En un peu plus d'un demi-siècle, on a eu droit à peu près à tout :
des films pro-guerre,
des films anti-guerre,
des drames aux limites de l'insoutenable,
des comédies,
des films documentaires, des séries télé...
Le conflit du Viêt Nam a inspiré les plus grands
et donné lieu à au moins deux sous-genres :
le film-de-vétéran-traumatisé par-son expérience-de-la-guerre
et le-film-de-prisonniers-de-guerre- oubliés-sur-place.

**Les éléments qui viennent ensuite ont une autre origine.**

Fact homogenize_is_linear n : linear (homogenize n).
Proof.
move=> a P Q; rewrite /homogenize scaler_sumr -big_split /=.
by apply: eq_bigr => i _; rewrite coefD coefZ scalerDl scalerA.
Qed.

HB.instance Definition _ n :=
  GRing.isLinear.Build R {poly R} {mpoly R[2]} _ (homogenize n)
    (homogenize_is_linear n).

Lemma dhomog_homogenize n P : homogenize n P \is n.-homog.
Proof.
apply: rpred_sum => i _; apply: dhomogZ.
have X_homog (j : 'I_2) : ('X_j : {mpoly R[2]}) \is 1.-homog.
  by rewrite dhomogX; apply/eqP; apply: mdeg1.
have := dhomogM (dhomogMn i (X_homog ord0)) (dhomogMn (n - i) (X_homog ord_max)).
by rewrite !mul1n subnKC // -ltnS.
Qed.

Lemma homogenizeK n (P : {poly R}) :
  (size P <= n.+1)%N -> dehomog (homogenize n P) = P.
Proof.
move=> sP; transitivity (\poly_(i < n.+1) P`_i); last first.
  apply/polyP => j; rewrite coef_poly; case: ltnP => // lt_nj.
  by rewrite nth_default // (leq_trans sP lt_nj).
rewrite /homogenize raddf_sum poly_def; apply: eq_bigr => i _.
by rewrite /= dehomogZ rmorphM !rmorphXn /= dehomogX0 dehomogX1 expr1n mulr1.
Qed.

Lemma homogenizeXn n j :
  (j <= n)%N -> homogenize n 'X^j = 'X_ord0 ^+ j * 'X_ord_max ^+ (n - j).
Proof.
move=> le_jn; rewrite /homogenize (bigD1 (Ordinal (le_jn : (j < n.+1)%N))) //=.
rewrite coefXn eqxx scale1r big1 ?addr0 // => i /eqP ne_ij.
by rewrite coefXn; case: eqP => [eq_ij|_]; [case: ne_ij; apply: val_inj|rewrite scale0r].
Qed.

Lemma dehomogK n f : f \is n.-homog -> homogenize n (dehomog f) = f.
Proof.
move=> /dhomogP f_homog.
transitivity (\sum_(m <- msupp f) f@_m *: 'X_[m] : {mpoly R[2]}); last first.
  exact/esym/mpolyE.
have -> : dehomog f = \sum_(m <- msupp f) dehomog (f@_m *: 'X_[m]).
  by rewrite -raddf_sum -mpolyE.
rewrite raddf_sum !big_seq; apply: eq_bigr => m /f_homog m_deg.
have {m_deg}-> : n = (m ord0 + m ord_max)%N by rewrite -m_deg; apply: mdeg2.
rewrite /= dehomogZ dehomogXm linearZ /= homogenizeXn ?leq_addr //.
by rewrite (mpolyX2 m) addKn.
Qed.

Certains cinéastes y sont revenus par deux fois,
comme Francis Ford Coppola avec Apocalypse Now et le nettement moins connu Jardins et Pierre,
ou encore Sidney J.Furie.
Mais aucun n'aura autant contribué à la Vietnamsploitation que notre ami Oliver Stone.
Platoon, sorti en 1986, est le premier film
de ce qu'on a pris l'habitude d'appeler sa “trilogie vietnamienne”,
qui comprend également Né un 4 juillet, sorti trois ans plus tard,
et le moins apprécié Entre ciel et terre en 1993.

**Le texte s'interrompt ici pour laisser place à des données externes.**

(* Let $k,n,t$ be positive integers. If $\pi$ is chosen uniformly at random from $NC^k(n)$, the expected number of blocks of $\pi$ of size $tk$ is $$\frac{(nk+1)\binom{n(k+1)-t-1}{nk-1}}{\binom{(k+1)n}{n}}.$$
   Context: A partition $\pi$ of $[N]=\{1,\dots,N\}$ is non-crossing if there are no $1\le a<b<c<d\le N$ with $a,c$ in one block and $b,d$ in another. $NC^k(n)$ is the set of non-crossing partitions of $[kn]$ all of whose blocks have size divisible by $k$. $\binom{a}{b}=\frac{a!}{b!(a-b)!}$ if $0\le b\le a$ and $0$ otherwise. *)

From HB Require Import structures.
From mathcomp Require Import all_boot all_order all_algebra.
Set Implicit Arguments. Unset Strict Implicit. Unset Printing Implicit Defensive.
Import Order.TTheory GRing.Theory Num.Theory.

(* The ground set [N] = {1,...,N} is represented by 'I_N = {0,...,N-1},
   with the order-preserving bijection i <-> i+1. *)

Definition is_set_partition (N : nat) (P : {set {set 'I_N}}) : bool :=
  partition P [set: 'I_N].

Definition noncrossing (N : nat) (P : {set {set 'I_N}}) : bool :=
  [forall B1 in P, forall B2 in P, (B1 != B2) ==>
     [forall a : 'I_N, forall b : 'I_N, forall c : 'I_N, forall d : 'I_N,
        ~~ [&& (a < b)%N, (b < c)%N, (c < d)%N,
               a \in B1, c \in B1, b \in B2 & d \in B2]]].

Definition NCk (k n : nat) : {set {set {set 'I_(k * n)}}} :=
  [set P | [&& is_set_partition P, noncrossing P &
              [forall B in P, k %| #|B|]]].

Definition nblocks_of_size (N m : nat) (P : {set {set 'I_N}}) : nat :=
  #|[set B in P | #|B| == m]|.

Definition binomZ (a b : int) : nat :=
  if (0 <= b)%R && (b <= a)%R then 'C(`|a|%N, `|b|%N) else 0.

From HB Require Import structures.
From mathcomp Require Import all_boot all_order all_algebra zify ring.
Import Order.TTheory GRing.Theory Num.Theory.
Set Implicit Arguments. Unset Strict Implicit. Unset Printing Implicit Defensive.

La guerre du Viêt Nam est aussi une toile de fond pour d'autres œuvres de sa filmographie :
Les Doors, Nixon, et JFK dont nous avions déjà parlé dans un épisode de M. Bobine.

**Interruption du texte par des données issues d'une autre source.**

Lemma rank2_counterexample_q_lt : 0 < q -> q < q0 -> rank2_counterexample.
Proof.
move=> q_gt0 q_lt_q0; have q0_gt0 := lt_trans q_gt0 q_lt_q0.
have k0_gt0 : 0 < 2 `^ (q0 / p0 - 1) :> R by rewrite powR_gt0.
have k_gt0 : 0 < 2 `^ (q / p - 1) :> R by rewrite powR_gt0.
have [c [x [/andP[c_gt0 c_le1] x_ge1 lt0 lt]]] := q_lt_witness k0_gt0 k_gt0 q_gt0 q_lt_q0.
apply: (@seq2_counterexample x 0 1 c) => //.
- by rewrite lexx (le_trans ler01).
- by rewrite ltW.
- exact: ltW.
- by rewrite powR1r powR0 ?gt_eqF // mul0r addr0.
by rewrite powR1r powR0 ?gt_eqF // mul0r addr0.
Qed.

(* For a = (1, c) and b = (T, T) in q0-th powers: 1 - T = mu (T - c) with
   k0 < mu < k c^(s-1), and the tangent lines of t |-> t^s at 1 and at c compare
   the (p, q) sums. *)
Lemma ratio_gt_witness (k0 k s : R) : 0 < k0 -> k0 < k -> 1 <= s ->
  exists c T : R, [/\ 0 < c, c <= T, T <= 1,
    T + T * k0 < 1 + c * k0 & 1 + c `^ s * k < T `^ s + T `^ s * k].
Proof.
move=> k0_gt0 k0_lt_k s_ge1; have k_gt0 := lt_trans k0_gt0 k0_lt_k.
have s_gt0 : 0 < s := lt_le_trans ltr01 s_ge1.
pose rho := k0 / k.
have rho_gt0 : 0 < rho by rewrite divr_gt0.
have rho_lt1 : rho < 1 by rewrite ltr_pdivrMr // mul1r.
pose c := ((1 + rho) / 2) `^ s^-1.
have c_s : c `^ s = (1 + rho) / 2 by rewrite powRVK ?gt_eqF ?divr_ge0 ?addr_ge0 ?(ltW rho_gt0).
have c_gt0 : 0 < c by rewrite powR_gt0 // divr_gt0 ?addr_gt0.
have c_lt1 : c < 1.
  by rewrite -(ltr_powR2rE s_gt0) ?(ltW c_gt0) // c_s powR1r ltr_pdivrMr // mul1r; lra.
pose P := c `^ (s - 1).
have k0_lt_kP : k0 < k * P.
  have c_s_le_P : c `^ s <= P by rewrite ger_powR ?c_gt0 ?(ltW c_lt1) // lerBlDr lerDl.
  apply: lt_le_trans (ler_wpM2l (ltW k_gt0) c_s_le_P); rewrite c_s.
  have -> : k * ((1 + rho) / 2) = (k + k0) / 2 by rewrite /rho; field; rewrite gt_eqF.
  lra.
pose mu := (k0 + k * P) / 2.
have mu_gt_k0 : k0 < mu by rewrite /mu; lra.
have mu_lt_kP : mu < k * P by rewrite /mu; lra.
have mu_gt0 : 0 < mu := lt_trans k0_gt0 mu_gt_k0.
pose d := (1 - c) / (1 + mu).
have d_gt0 : 0 < d by rewrite divr_gt0 ?subr_gt0 ?addr_gt0.
pose T := c + d.
have T_eq : T = 1 - mu * d by rewrite /T /d; field; rewrite gt_eqF ?addr_gt0.
have T_gt0 : 0 < T by rewrite addr_gt0.
exists c, T; split=> //.
- by rewrite lerDl ltW.
- by rewrite T_eq gerBl mulr_ge0 ?ltW.
- have : 0 < d * (mu - k0) by rewrite mulr_gt0 ?subr_gt0.
  by rewrite mulrBr {1}T_eq /T; lra.
have at1 := powR_tangent s_ge1 (ltW T_gt0) ler01.
have atc := powR_tangent s_ge1 (ltW T_gt0) (ltW c_gt0).
rewrite !powR1r mulr1 -/P (_ : T - 1 = - (mu * d)) in at1 atc; last by rewrite T_eq; ring.
rewrite (_ : T - c = d) in atc; last by rewrite /T; ring.
have slope : 0 < s * d * (k * P - mu).
  by apply: mulr_gt0; [exact: mulr_gt0 | rewrite subr_gt0].
have katc : k * (s * P * d) <= k * (T `^ s - c `^ s) by rewrite ler_pM2l.
move: (T `^ s) (c `^ s) at1 atc slope katc => Ts cs at1 atc slope katc.
rewrite -subr_gt0.
have -> : Ts + Ts * k - (1 + cs * k) =
  (Ts - 1 + s * (mu * d)) + (k * (Ts - cs) - k * (s * P * d)) + s * d * (k * P - mu) by ring.
lra.
Qed.

Lemma rank2_counterexample_ratio_gt :
  0 < q0 -> q0 <= q -> q0 / p0 < q / p -> rank2_counterexample.
Proof.
move=> q0_gt0 q0_le_q ratio_lt; have q_gt0 := lt_le_trans q0_gt0 q0_le_q.
have k0_gt0 : 0 < 2 `^ (q0 / p0 - 1) by rewrite powR_gt0.
have k0_lt_k : 2 `^ (q0 / p0 - 1) < 2 `^ (q / p - 1) :> R.
  by rewrite gt1_ltr_powR ?ltr1n // ltrD2r.
have s_ge1 : 1 <= q / q0 by rewrite ler_pdivlMr // mul1r.
have [c [T [c_gt0 c_le_T T_le1 lt0 lt]]] := ratio_gt_witness k0_gt0 k0_lt_k s_ge1.
have q0V_gt0 : 0 < q0^-1 by rewrite invr_gt0.
have T_ge0 : 0 <= T := le_trans (ltW c_gt0) c_le_T.
have root_le1 x : 0 <= x -> x <= 1 -> x `^ q0^-1 <= 1.
  by move=> x_ge0 x_le1; rewrite -(powR1r q0^-1) ler_powR2r ?(ltW q0V_gt0).
apply: (@seq2_counterexample 1 (c `^ q0^-1) (T `^ q0^-1) (T `^ q0^-1)) => //.
- by rewrite powR_ge0 root_le1 ?(ltW c_gt0) ?(le_trans c_le_T).
- by rewrite powR_ge0 lexx.
- exact: root_le1.
- by rewrite ler_powR2r ?(ltW q0V_gt0) ?(ltW c_gt0).
- by rewrite powR1r !powRVK ?gt_eqF ?(ltW c_gt0).
have root_pow x : (x `^ q0^-1) `^ q = x `^ (q / q0) by rewrite -powRrM mulrC.
by rewrite powR1r !root_pow.
Qed.

End Counterexamples.

Theorem mainTheorem12 (R : realType) (p0 q0 : R) (hp0 : 0 < p0) (hq0 : 0 < q0) :
  (forall (a b : nat -> R), singular_seq a -> singular_seq b -> gtrless a b ->
     forall p q : R, inDelta p0 q0 p q ->
       ((lpq_norm a p0 q0 < +oo)%E ->
          (lpq_norm b p0 q0 <= lpq_norm a p0 q0)%E ->
          (lpq_norm b p q <= lpq_norm a p q)%E) /\
       ((lpq_norm b p0 q0 < lpq_norm a p0 q0)%E ->
          (lpq_norm b p q < lpq_norm a p q)%E)) /\
  (forall p q : R, 0 < p -> 0 < q -> ~ inDelta p0 q0 p q ->
     exists a b : nat -> R,
       [/\ singular_seq a /\ singular_seq b, rank_le2 a /\ rank_le2 b,
           gtrless a b,
           (lpq_norm b p0 q0 < lpq_norm a p0 q0)%E &
           (lpq_norm a p q < lpq_norm b p q)%E]).
Proof.
split=> [a b a_sing b_sing ab_cross p q Delta_pq | p q p_gt0 q_gt0 not_Delta].
  split; [exact: lpq_norm_le_Delta | exact: lpq_norm_lt_Delta].
have [q_lt_q0 | [q0_le_q ratio_lt]] := not_inDelta hp0 hq0 p_gt0 not_Delta.
  exact: rank2_counterexample_q_lt.
exact: rank2_counterexample_ratio_gt.
Qed.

Certains personnages qu'il a créés ont vécu le conflit et en portent les stigmates,
comme le héros de Salvador, le film qu'il a tourné juste avant Platoon,
ou celui de L'année du dragon de Michael Cimino sur lequel Stone était scénariste.
La trilogie vietnamienne aurait pu être prolongée par d'autres films.
En 2007 Stone était attaché au projet Pinkville centré sur le massacre de Mỹ Lai en mars 1968
qui a coûté la vie à 500 civils sud vietnamiens.
Produit par la United Artists et porté par Bruce Willis et Woody Harrelson,
le film était tombé à l'eau à quelques semaines du tournage.
Puis, en 2001,
il avait essayé de reprendre à son compte le scénario The Last Tour de Lloyd Levin,
qui racontait les mésaventures de vétérans de retour au Viêt Nam 40 ans après la guerre
pour déterrer un trésor enfoui.
Le projet a ensuite été récupéré par Spike Lee,
qui l'a largement réécrit pour mieux coller à ses thèmes de prédilection.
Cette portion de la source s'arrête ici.